§ Stored records:
▼

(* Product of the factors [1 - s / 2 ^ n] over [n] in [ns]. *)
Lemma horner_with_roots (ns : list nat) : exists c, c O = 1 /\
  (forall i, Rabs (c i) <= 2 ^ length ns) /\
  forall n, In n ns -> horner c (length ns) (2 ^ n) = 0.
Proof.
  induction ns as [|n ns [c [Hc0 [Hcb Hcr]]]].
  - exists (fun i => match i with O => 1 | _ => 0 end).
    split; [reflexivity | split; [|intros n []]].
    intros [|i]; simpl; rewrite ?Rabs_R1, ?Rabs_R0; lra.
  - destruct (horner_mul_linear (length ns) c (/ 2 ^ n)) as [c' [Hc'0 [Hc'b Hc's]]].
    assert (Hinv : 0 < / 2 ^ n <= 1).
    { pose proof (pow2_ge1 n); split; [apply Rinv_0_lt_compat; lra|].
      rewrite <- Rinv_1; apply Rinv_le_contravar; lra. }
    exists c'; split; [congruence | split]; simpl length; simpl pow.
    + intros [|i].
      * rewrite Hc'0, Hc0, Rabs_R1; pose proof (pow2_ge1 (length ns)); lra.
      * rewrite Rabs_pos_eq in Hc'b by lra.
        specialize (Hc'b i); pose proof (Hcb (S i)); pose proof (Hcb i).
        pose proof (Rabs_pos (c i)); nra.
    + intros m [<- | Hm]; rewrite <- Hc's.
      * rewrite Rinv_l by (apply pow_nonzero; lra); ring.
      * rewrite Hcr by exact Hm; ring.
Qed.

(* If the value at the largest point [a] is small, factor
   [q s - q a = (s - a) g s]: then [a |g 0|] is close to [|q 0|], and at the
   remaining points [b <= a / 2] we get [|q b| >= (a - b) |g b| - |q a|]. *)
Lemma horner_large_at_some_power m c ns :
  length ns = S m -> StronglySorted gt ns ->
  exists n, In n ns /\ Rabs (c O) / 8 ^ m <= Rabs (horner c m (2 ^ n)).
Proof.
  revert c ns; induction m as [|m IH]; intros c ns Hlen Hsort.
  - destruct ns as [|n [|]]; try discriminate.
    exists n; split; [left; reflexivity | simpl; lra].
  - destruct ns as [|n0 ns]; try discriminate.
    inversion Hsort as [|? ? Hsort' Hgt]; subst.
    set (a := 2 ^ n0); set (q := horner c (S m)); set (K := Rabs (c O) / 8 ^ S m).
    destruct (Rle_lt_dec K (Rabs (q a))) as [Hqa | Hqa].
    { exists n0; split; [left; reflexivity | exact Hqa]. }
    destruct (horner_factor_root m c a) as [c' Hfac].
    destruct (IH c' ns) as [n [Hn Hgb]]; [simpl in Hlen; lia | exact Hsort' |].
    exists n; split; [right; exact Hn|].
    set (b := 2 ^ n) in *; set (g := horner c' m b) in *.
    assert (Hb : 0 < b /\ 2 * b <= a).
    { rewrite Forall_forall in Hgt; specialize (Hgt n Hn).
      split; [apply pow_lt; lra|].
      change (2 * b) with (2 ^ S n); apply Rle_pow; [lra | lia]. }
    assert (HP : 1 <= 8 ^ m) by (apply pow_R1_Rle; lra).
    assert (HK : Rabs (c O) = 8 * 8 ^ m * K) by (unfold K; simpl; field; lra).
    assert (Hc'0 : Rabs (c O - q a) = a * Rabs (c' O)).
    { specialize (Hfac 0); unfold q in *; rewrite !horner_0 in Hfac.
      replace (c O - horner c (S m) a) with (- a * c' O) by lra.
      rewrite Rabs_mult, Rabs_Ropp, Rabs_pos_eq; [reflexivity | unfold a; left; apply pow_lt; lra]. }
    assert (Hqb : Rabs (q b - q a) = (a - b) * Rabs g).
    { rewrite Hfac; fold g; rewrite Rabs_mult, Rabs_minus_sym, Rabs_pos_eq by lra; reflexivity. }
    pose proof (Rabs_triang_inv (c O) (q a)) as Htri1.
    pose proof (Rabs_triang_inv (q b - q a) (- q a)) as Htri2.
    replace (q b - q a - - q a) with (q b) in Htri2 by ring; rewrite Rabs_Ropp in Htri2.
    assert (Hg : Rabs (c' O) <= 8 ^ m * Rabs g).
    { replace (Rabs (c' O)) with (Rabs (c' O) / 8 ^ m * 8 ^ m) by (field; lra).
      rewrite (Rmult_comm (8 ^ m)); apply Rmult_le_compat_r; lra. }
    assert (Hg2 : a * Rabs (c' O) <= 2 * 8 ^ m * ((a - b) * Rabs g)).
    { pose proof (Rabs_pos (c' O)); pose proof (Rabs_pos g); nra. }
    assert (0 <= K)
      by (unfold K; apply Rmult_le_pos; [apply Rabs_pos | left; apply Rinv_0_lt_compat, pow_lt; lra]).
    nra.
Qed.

▲

§ DESCRIPTION OF THE TASK:
Retype the portion of the data above that starts on the line with "pow_nonzero; lra); ring." and finishes on the line with "(Hgt n Hn).", including both of those lines.

§ TASK RESPONSE:
      * rewrite Rinv_l by (apply pow_nonzero; lra); ring.
      * rewrite Hcr by exact Hm; ring.
Qed.

(* If the value at the largest point [a] is small, factor
   [q s - q a = (s - a) g s]: then [a |g 0|] is close to [|q 0|], and at the
   remaining points [b <= a / 2] we get [|q b| >= (a - b) |g b| - |q a|]. *)
Lemma horner_large_at_some_power m c ns :
  length ns = S m -> StronglySorted gt ns ->
  exists n, In n ns /\ Rabs (c O) / 8 ^ m <= Rabs (horner c m (2 ^ n)).
Proof.
  revert c ns; induction m as [|m IH]; intros c ns Hlen Hsort.
  - destruct ns as [|n [|]]; try discriminate.
    exists n; split; [left; reflexivity | simpl; lra].
  - destruct ns as [|n0 ns]; try discriminate.
    inversion Hsort as [|? ? Hsort' Hgt]; subst.
    set (a := 2 ^ n0); set (q := horner c (S m)); set (K := Rabs (c O) / 8 ^ S m).
    destruct (Rle_lt_dec K (Rabs (q a))) as [Hqa | Hqa].
    { exists n0; split; [left; reflexivity | exact Hqa]. }
    destruct (horner_factor_root m c a) as [c' Hfac].
    destruct (IH c' ns) as [n [Hn Hgb]]; [simpl in Hlen; lia | exact Hsort' |].
    exists n; split; [right; exact Hn|].
    set (b := 2 ^ n) in *; set (g := horner c' m b) in *.
    assert (Hb : 0 < b /\ 2 * b <= a).
    { rewrite Forall_forall in Hgt; specialize (Hgt n Hn).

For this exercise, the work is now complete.